Basquiat has a couple of things to say. An artist confronted with racial bigotry is a topic of natural interest to Mr Schnabel, who thinks that anyone who doesn’t like his work is an anti-Semite, so he touches on that. But this is mainly a film about what it was like to become famous in the art-world at that time, a topic obviously of even more personal interest to Mr Schnabel. A lot more, that is, than Basquiat actually interests him, since most of the plot is invented, and we only see a few moments of the artist at work, with no sense of Basquiat’s discovery of his style or his development of it. I mean, it’s a terrible style and his paintings are dumb, but still, it would have been nice to get into it a bit since we’re here already. You get the feeling there’s some (a lot of) insider point-scoring and score-settling going on with real-world figures in the New York scene who we don’t even know, and that these things might be higher on Schnabel’s agenda than telling us much about his main rival, especially as the bubble had popped for his own (also shit) paintings.

Basquiat the character is presented at all times as an all-time genius, ofc, but to make sure we really love him he’s also an adorable 90s indie-movie waif-pixie. We see him talk gibberish as a cover for ruining his girlfriend’s artwork, and made-up Gina is given an entirely false cheesy response to it – angry, then.... touched by his poetic soul, and then... a little smile! because everyone has to find Basquiat irresistibly charming and forgivable no matter what, based on nothing. Great artists can be insufferable pricks and so can trivial ones surrounded by drugs and sycophants, but the second case doesn’t have people lining up to watch a film about it and the first case means you have to hold two thoughts in your mind at the same time. This version tells us he was a great artist and an angel, so that’s a relief. Either way, the fictional adulation the characters give him has less to do with the feeding frenzy around the real man and more to do with the director's self-image using a black avatar. Schnabel is not known for being not-vain.
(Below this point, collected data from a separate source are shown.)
(* Let $(H,\beta)$ be a monoidal Hom-bialgebra and let $(A,\alpha)$ be a left $(H,\beta)$-Hom-comodule algebra with left Hom-coaction $\varphi:A\to H\otimes A$, $\varphi(a)=a_{(-1)}\otimes a_{(0)}$. Let $(\Gamma,\gamma)$ be a first order differential calculus over $(A,\alpha)$ with differential $d:A\to\Gamma$. Then the following are equivalent: (1) $(\Gamma,\gamma)$ is left-covariant with respect to $(H,\beta)$; (2) there is a morphism $\phi:(\Gamma,\gamma)\to(H\otimes\Gamma,\beta\otimes\gamma)$ in $\widetilde{\mathcal{H}}(\mathcal{M}_k)$ such that $\phi(a\cdot db)=\varphi(a)\,(\mathrm{id}\otimes d)(\varphi(b))$ for all $a,b\in A$; (3) for all finite families $a_i,b_i\in A$, $\sum_i a_i\cdot db_i=0$ in $\Gamma$ implies $\sum_i\varphi(a_i)\,(\mathrm{id}\otimes d)(\varphi(b_i))=0$ in $H\otimes\Gamma$.
   Context: All vector spaces are over a field $k$. $\widetilde{\mathcal{H}}(\mathcal{M}_k)$ is the category whose objects are pairs $(M,\mu)$ with $M$ a $k$-vector space and $\mu$ a linear automorphism of $M$, and whose morphisms $f:(M,\mu)\to(N,\nu)$ are linear maps with $\nu\circ f=f\circ\mu$; tensor product $(M\otimes N,\mu\otimes\nu)$. A monoidal Hom-algebra $(A,\alpha)$ is an object with multiplication $a\otimes b\mapsto ab$ and unit $1_A$ such that $\alpha(ab)=\alpha(a)\alpha(b)$, $\alpha(1_A)=1_A$, $\alpha(a)(bc)=(ab)\alpha(c)$, $1_Aa=a1_A=\alpha(a)$. A monoidal Hom-coalgebra $(C,\beta)$ is an object with comultiplication $\Delta(c)=c_1\otimes c_2$ and counit $\varepsilon$ satisfying $\Delta\circ\beta=(\beta\otimes\beta)\circ\Delta$, $\varepsilon\circ\beta=\varepsilon$, $\beta^{-1}(c_1)\otimes c_{21}\otimes c_{22}=c_{11}\otimes c_{12}\otimes\beta^{-1}(c_2)$, $\varepsilon(c_1)c_2=c_1\varepsilon(c_2)=\beta^{-1}(c)$. A monoidal Hom-bialgebra is both, with $\Delta,\varepsilon$ multiplicative and unital. Left Hom-module $(M,\mu)$ over $(A,\alpha)$: a morphism $a\otimes m\mapsto a\cdot m$ with $\alpha(a)\cdot(b\cdot m)=(ab)\cdot\mu(m)$, $1_A\cdot m=\mu(m)$; right Hom-module: $(m\cdot a)\cdot\alpha(b)=\mu(m)\cdot(ab)$, $m\cdot 1_A=\mu(m)$; Hom-bimodule: both, with $\alpha(a)\cdot(m\cdot b)=(a\cdot m)\cdot\alpha(b)$. A left $(H,\beta)$-Hom-comodule $(M,\mu)$ is given by a morphism $\rho:M\to H\otimes M$, $\rho(m)=m_{(-1)}\otimes m_{(0)}$, with $\beta^{-1}(m_{(-1)})\otimes m_{(0)(-1)}\otimes m_{(0)(0)}=m_{(-1)1}\otimes m_{(-1)2}\otimes\mu^{-1}(m_{(0)})$ and $\varepsilon(m_{(-1)})m_{(0)}=\mu^{-1}(m)$. A left $(H,\beta)$-Hom-comodule algebra $(A,\alpha)$ is a monoidal Hom-algebra which is a left $(H,\beta)$-Hom-comodule via $\varphi$ with $\varphi(ab)=a_{(-1)}b_{(-1)}\otimes a_{(0)}b_{(0)}$ and $\varphi(1_A)=1_H\otimes 1_A$. A first order differential calculus (Hom-FODC) over $(A,\alpha)$ is an $(A,\alpha)$-Hom-bimodule $(\Gamma,\gamma)$ with a linear map $d:A\to\Gamma$ such that $d(ab)=a\cdot db+da\cdot b$, $d\circ\alpha=\gamma\circ d$, and $\Gamma$ is spanned by the elements $(a\cdot db)\cdot c$, $a,b,c\in A$. The space $H\otimes\Gamma$ carries the structures $(h\otimes a)(h'\otimes\omega)=hh'\otimes a\cdot\omega$ and $(h'\otimes\omega)(h\otimes a)=h'h\otimes\omega\cdot a$; thus $\varphi(a)(\mathrm{id}\otimes d)(\varphi(b))=a_{(-1)}b_{(-1)}\otimes a_{(0)}\cdot db_{(0)}$. The Hom-FODC $(\Gamma,\gamma)$ is left-covariant with respect to $(H,\beta)$ if there is a left Hom-coaction $\phi:\Gamma\to H\otimes\Gamma$ of $(H,\beta)$ on $(\Gamma,\gamma)$ such that $\phi(\alpha(a)\cdot(\omega\cdot b))=\varphi(\alpha(a))(\phi(\omega)\varphi(b))$ for all $a,b\in A$, $\omega\in\Gamma$, and $\phi(da)=(\mathrm{id}\otimes d)\varphi(a)$ for all $a\in A$. *)

(* Elements of a tensor product U (x) V are represented by finite formal sums,
   i.e. lists s : seq (U * V) standing for \sum_(x <- s) x.1 (x) x.2; two such
   lists denote the same element of U (x) V iff every bilinear map out of U x V
   (into any k-vector space) takes the same value on them (universal property
   of the tensor product).  Triple tensors likewise with trilinear maps. *)
From HB Require Import structures.
From mathcomp Require Import all_boot all_order all_algebra.
Set Implicit Arguments. Unset Strict Implicit. Unset Printing Implicit Defensive.
Import Order.TTheory GRing.Theory Num.Theory.
Local Open Scope ring_scope.
(* Let $\sigma_1,\sigma_2\subset\mathbb{Q}^n$ be strongly convex rational polyhedral cones with $\dim\sigma_1=n_1$, $\dim\sigma_2=n_2$, having $k_1$ and $k_2$ extreme rays respectively, and suppose there is $\mathbf{a}\in\sigma_1\cap\sigma_2$ with $\mathrm{span}_{\mathbb{Q}}(\sigma_1)\cap\mathrm{span}_{\mathbb{Q}}(\sigma_2)=\mathbb{Q}\mathbf{a}$. Let $\sigma=\sigma_1\oplus\sigma_2=\mathrm{pos}_{\mathbb{Q}}(\sigma_1\cup\sigma_2)$ be their direct sum along $\mathbf{a}$. Then $\dim\sigma=n_1+n_2-1$; moreover $\sigma$ has exactly $k_1+k_2$ extreme rays if the direct sum is of internal type, and exactly $k_1+k_2-1$ extreme rays if it is of external type.
   Context: $\mathrm{span}_{\mathbb{Q}}(B)$ and $\mathrm{pos}_{\mathbb{Q}}(B)$ denote the rational linear hull and the set of nonnegative rational combinations of $B$. A cone $\sigma$ is strongly convex if $\sigma\cap(-\sigma)=\{\mathbf 0\}$; its dimension is $\dim_{\mathbb{Q}}\mathrm{span}_{\mathbb{Q}}(\sigma)$. A face of $\sigma$ is a set $\sigma\cap\{\mathbf{x}:\mathbf{c}\cdot\mathbf{x}=0\}$ where $\mathbf{c}\in\mathbb{Q}^n$ satisfies $\mathbf{c}\cdot\mathbf{x}\ge0$ for all $\mathbf{x}\in\sigma$; extreme rays are the faces of dimension one, written $\mathbb{Q}_{\ge0}\mathbf{r}$. The direct sum $\sigma_1\oplus\sigma_2$ along $\mathbf{a}$ is called of external type if $\mathbf{a}$ lies on an extreme ray of $\sigma_1$ or of $\sigma_2$ (or both), and of internal type otherwise. *)

From mathcomp Require Import all_boot all_order all_algebra.
Set Implicit Arguments. Unset Strict Implicit. Unset Printing Implicit Defensive.
Import Order.TTheory GRing.Theory Num.Theory.
Local Open Scope ring_scope.

Definition vec (n : nat) := 'rV[rat]_n.
Definition qset (n : nat) := vec n -> Prop.

Definition dot (n : nat) (c x : vec n) : rat := \sum_(i < n) c ord0 i * x ord0 i.

Definition qpos (n : nat) (B : qset n) : qset n := fun x =>
  exists (m : nat) (v : 'I_m -> vec n) (l : 'I_m -> rat),
    (forall i, B (v i)) /\ (forall i, 0 <= l i) /\ x = \sum_(i < m) l i *: v i.

Definition qspan (n : nat) (B : qset n) : qset n := fun x =>
  exists (m : nat) (v : 'I_m -> vec n) (l : 'I_m -> rat),
    (forall i, B (v i)) /\ x = \sum_(i < m) l i *: v i.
To pitch us the “Basquiat was a genius” part similarly calls for a bit of subtly herding us in the right direction – subtle, as in, all the characters immediately fall over themselves like they were touched by God when they see his lame scribbles and kiddie-level doodles, and you just have to roll with it, because so they did at the time. And you’re not going to get any pushback about that from Julian. Maybe that’s how starved they were for anything other than conceptualist bollocks back then, who knows. Neo-expressionism was awesome enough but it belonged to the Germans and Italians and the best thing to come out of the lacklustre American wing, which was mainly Julian Schnabel and Jean-MICHEL Basquiat, is not so much this film as Schnabel’s subsequent career as an above-average director.  

With no particular attention paid to any of the relationships, even the ones that never existed, there’s no pay off in the last part and it squibs out. Schnabel hasn’t quite mastered the organisation of a film at this point, much like me with film reviews. That would come later for him (I make no such promise). This decade was littered with directors given one or two chances to prove themselves with their “very personal” low-budget calling-cards and they made films just like this, very often set in New York, and were then ushered back out on to the street where they belonged. Schnabel evidently had enough of a name to just keep making films until he got the hang of it, a happy outcome when you see The Diving Bell & The Butterfly or his van Gogh film with a title I find impossible to remember because I always want to call it Heaven’s Gate but I know it’s not called that. If only there was some way for me to look it up.